:: Goal of the exercise ::
Character for character, give back every line below.

——

Lemma adjoint_exists T : bounded_op ip T -> exists S, is_adjoint ip T S.
Proof.
case=> T_lin [M T_bd].
have [S hS] : {S : H -> H & forall y x, ip (T x) y = ip x (S y)}.
  apply: (boolp.choice (P := fun y z => forall x, ip (T x) y = ip x z)) => y.
  apply: (@riesz_representation (fun x => ip (T x) y) _ (M * hnorm ip y)) => //.
    by move=> a x x'; rewrite T_lin ipDZl.
  move=> x; apply: le_trans (cauchy_schwarz _ _) _.
  by rewrite mulrAC ler_wpM2r ?hnorm_ge0.
exists S; split=> [|x y]; last exact: hS.
split=> [a y y'|].
  by apply: ip_ext => x; rewrite ipDr ipZr -!hS ipDr ipZr.
exists `|M| => y.
have key : hnorm ip (S y) ^+ 2 <= hnorm ip (S y) * (`|M| * hnorm ip y).
  rewrite hnorm_sqr /sqnorm -hS.
  apply: le_trans (Re_le_cabs _) _; apply: le_trans (cauchy_schwarz _ _) _.
  rewrite mulrA ler_wpM2r ?hnorm_ge0 //; apply: le_trans (T_bd _) _.
  by rewrite mulrC ler_wpM2l ?hnorm_ge0 ?ler_norm.
have [->|Sy_neq0] := eqVneq (hnorm ip (S y)) 0; first by rewrite mulr_ge0 ?hnorm_ge0.
by rewrite expr2 ler_pM2l ?lt0r ?Sy_neq0 ?hnorm_ge0 in key.
Qed.

Lemma selfadjoint_sym T : bounded_op ip T -> selfadjoint ip T ->
  forall x y, ip (T x) y = ip x (T y).
Proof.
move=> hT sT.
have [_ adjT] : is_adjoint ip T (adj ip T) by apply: epsilon_spec; exact: adjoint_exists.
by rewrite sT in adjT.
Qed.

End Hilbert.

Section Operators.
Variables B C : H -> H.
Hypotheses (hB : bounded_op ip B) (hC : bounded_op ip C).

Variable N : (H -> H) -> R.
Hypothesis hN : is_norm_on_BH ip N.
Let NBpC := N (fun x => B x + C x).
Let NBmC := N (fun x => B x - C x).

Lemma N_scale_real (s : R) T : bounded_op ip T -> N (fun x => s%:C *: T x) = `|s| * N T.
Proof. by case: hN => _ _ N_scale _ hT; rewrite N_scale // cabsR. Qed.

Lemma N_real_comb_le (a b : R) : a ^+ 2 + b ^+ 2 <= 1 ->
  N (fun x => a%:C *: B x + b%:C *: C x)
    <= (Num.sqrt 2)^-1 * Num.sqrt (NBpC ^+ 2 + NBmC ^+ 2).
Proof.
move=> ab; case: hN => N_ge0 _ _ N_tri.
have BpC := bounded_add hB hC; have BmC := bounded_sub hB hC.
have sum : ((a + b) / 2)%:C + ((a - b) / 2)%:C = a%:C :> R[i].
  by rewrite -rmorphD; congr _%:C; field.
have diff : ((a + b) / 2)%:C - ((a - b) / 2)%:C = b%:C :> R[i].
  by rewrite -rmorphB; congr _%:C; field.
have -> : (fun x => a%:C *: B x + b%:C *: C x) = (fun x =>
    ((a + b) / 2)%:C *: (B x + C x) + ((a - b) / 2)%:C *: (B x - C x)).
  apply: boolp.funext => x.
  by rewrite scalerDr scalerBr addrACA -scalerDl -scalerBl sum diff.
apply: le_trans (N_tri _ _ (bounded_scale _ BpC) (bounded_scale _ BmC)) _.
rewrite !N_scale_real //.
exact: half_sum_diff_le (N_ge0 _ BpC) (N_ge0 _ BmC).
Qed.

Section Symmetric.
Hypotheses (symB : forall x y, ip (B x) y = ip x (B y))
  (symC : forall x y, ip (C x) y = ip x (C y)).

Lemma ReOp_comb a b : ReOp ip (fun x => a *: B x + b *: C x) =
  (fun x => (complex.Re a)%:C *: B x + (complex.Re b)%:C *: C x).
Proof.
have adj_comb : adj ip (fun x => a *: B x + b *: C x) =
    (fun x => a^* *: B x + b^* *: C x).
  apply: adj_unique; split; first exact: bounded_add (bounded_scale _ hB) (bounded_scale _ hC).
  by move=> x y; rewrite ipDl !ipZl ipDr !ipZr symB symC !conjCK.
apply: boolp.funext => x; rewrite /ReOp adj_comb !ReJ_add.
rewrite addrACA -!scalerDl scalerDr !scalerA.
by rewrite [_^-1 * (a + _)]mulrC [_^-1 * (b + _)]mulrC.
Qed.

Lemma ReOp_expi t l1 l2 :
  ReOp ip (fun x => expi t *: (l1 *: B x + l2 *: C x)) =
  (fun x => (complex.Re (expi t * l1))%:C *: B x + (complex.Re (expi t * l2))%:C *: C x).
Proof.
rewrite -ReOp_comb; congr (ReOp ip _); apply: boolp.funext => x.
by rewrite scalerDr !scalerA.
Qed.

——

:: Response box ::
Lemma adjoint_exists T : bounded_op ip T -> exists S, is_adjoint ip T S.
Proof.
case=> T_lin [M T_bd].
have [S hS] : {S : H -> H & forall y x, ip (T x) y = ip x (S y)}.
  apply: (boolp.choice (P := fun y z => forall x, ip (T x) y = ip x z)) => y.
  apply: (@riesz_representation (fun x => ip (T x) y) _ (M * hnorm ip y)) => //.
    by move=> a x x'; rewrite T_lin ipDZl.
  move=> x; apply: le_trans (cauchy_schwarz _ _) _.
  by rewrite mulrAC ler_wpM2r ?hnorm_ge0.
exists S; split=> [|x y]; last exact: hS.
split=> [a y y'|].
  by apply: ip_ext => x; rewrite ipDr ipZr -!hS ipDr ipZr.
exists `|M| => y.
have key : hnorm ip (S y) ^+ 2 <= hnorm ip (S y) * (`|M| * hnorm ip y).
  rewrite hnorm_sqr /sqnorm -hS.
  apply: le_trans (Re_le_cabs _) _; apply: le_trans (cauchy_schwarz _ _) _.
  rewrite mulrA ler_wpM2r ?hnorm_ge0 //; apply: le_trans (T_bd _) _.
  by rewrite mulrC ler_wpM2l ?hnorm_ge0 ?ler_norm.
have [->|Sy_neq0] := eqVneq (hnorm ip (S y)) 0; first by rewrite mulr_ge0 ?hnorm_ge0.
by rewrite expr2 ler_pM2l ?lt0r ?Sy_neq0 ?hnorm_ge0 in key.
Qed.

Lemma selfadjoint_sym T : bounded_op ip T -> selfadjoint ip T ->
  forall x y, ip (T x) y = ip x (T y).
Proof.
move=> hT sT.
have [_ adjT] : is_adjoint ip T (adj ip T) by apply: epsilon_spec; exact: adjoint_exists.
by rewrite sT in adjT.
Qed.

End Hilbert.

Section Operators.
Variables B C : H -> H.
Hypotheses (hB : bounded_op ip B) (hC : bounded_op ip C).

Variable N : (H -> H) -> R.
Hypothesis hN : is_norm_on_BH ip N.
Let NBpC := N (fun x => B x + C x).
Let NBmC := N (fun x => B x - C x).

Lemma N_scale_real (s : R) T : bounded_op ip T -> N (fun x => s%:C *: T x) = `|s| * N T.
Proof. by case: hN => _ _ N_scale _ hT; rewrite N_scale // cabsR. Qed.

Lemma N_real_comb_le (a b : R) : a ^+ 2 + b ^+ 2 <= 1 ->
  N (fun x => a%:C *: B x + b%:C *: C x)
    <= (Num.sqrt 2)^-1 * Num.sqrt (NBpC ^+ 2 + NBmC ^+ 2).
Proof.
move=> ab; case: hN => N_ge0 _ _ N_tri.
have BpC := bounded_add hB hC; have BmC := bounded_sub hB hC.
have sum : ((a + b) / 2)%:C + ((a - b) / 2)%:C = a%:C :> R[i].
  by rewrite -rmorphD; congr _%:C; field.
have diff : ((a + b) / 2)%:C - ((a - b) / 2)%:C = b%:C :> R[i].
  by rewrite -rmorphB; congr _%:C; field.
have -> : (fun x => a%:C *: B x + b%:C *: C x) = (fun x =>
    ((a + b) / 2)%:C *: (B x + C x) + ((a - b) / 2)%:C *: (B x - C x)).
  apply: boolp.funext => x.
  by rewrite scalerDr scalerBr addrACA -scalerDl -scalerBl sum diff.
apply: le_trans (N_tri _ _ (bounded_scale _ BpC) (bounded_scale _ BmC)) _.
rewrite !N_scale_real //.
exact: half_sum_diff_le (N_ge0 _ BpC) (N_ge0 _ BmC).
Qed.

Section Symmetric.
Hypotheses (symB : forall x y, ip (B x) y = ip x (B y))
  (symC : forall x y, ip (C x) y = ip x (C y)).

Lemma ReOp_comb a b : ReOp ip (fun x => a *: B x + b *: C x) =
  (fun x => (complex.Re a)%:C *: B x + (complex.Re b)%:C *: C x).
Proof.
have adj_comb : adj ip (fun x => a *: B x + b *: C x) =
    (fun x => a^* *: B x + b^* *: C x).
  apply: adj_unique; split; first exact: bounded_add (bounded_scale _ hB) (bounded_scale _ hC).
  by move=> x y; rewrite ipDl !ipZl ipDr !ipZr symB symC !conjCK.
apply: boolp.funext => x; rewrite /ReOp adj_comb !ReJ_add.
rewrite addrACA -!scalerDl scalerDr !scalerA.
by rewrite [_^-1 * (a + _)]mulrC [_^-1 * (b + _)]mulrC.
Qed.

Lemma ReOp_expi t l1 l2 :
  ReOp ip (fun x => expi t *: (l1 *: B x + l2 *: C x)) =
  (fun x => (complex.Re (expi t * l1))%:C *: B x + (complex.Re (expi t * l2))%:C *: C x).
Proof.
rewrite -ReOp_comb; congr (ReOp ip _); apply: boolp.funext => x.
by rewrite scalerDr !scalerA.
Qed.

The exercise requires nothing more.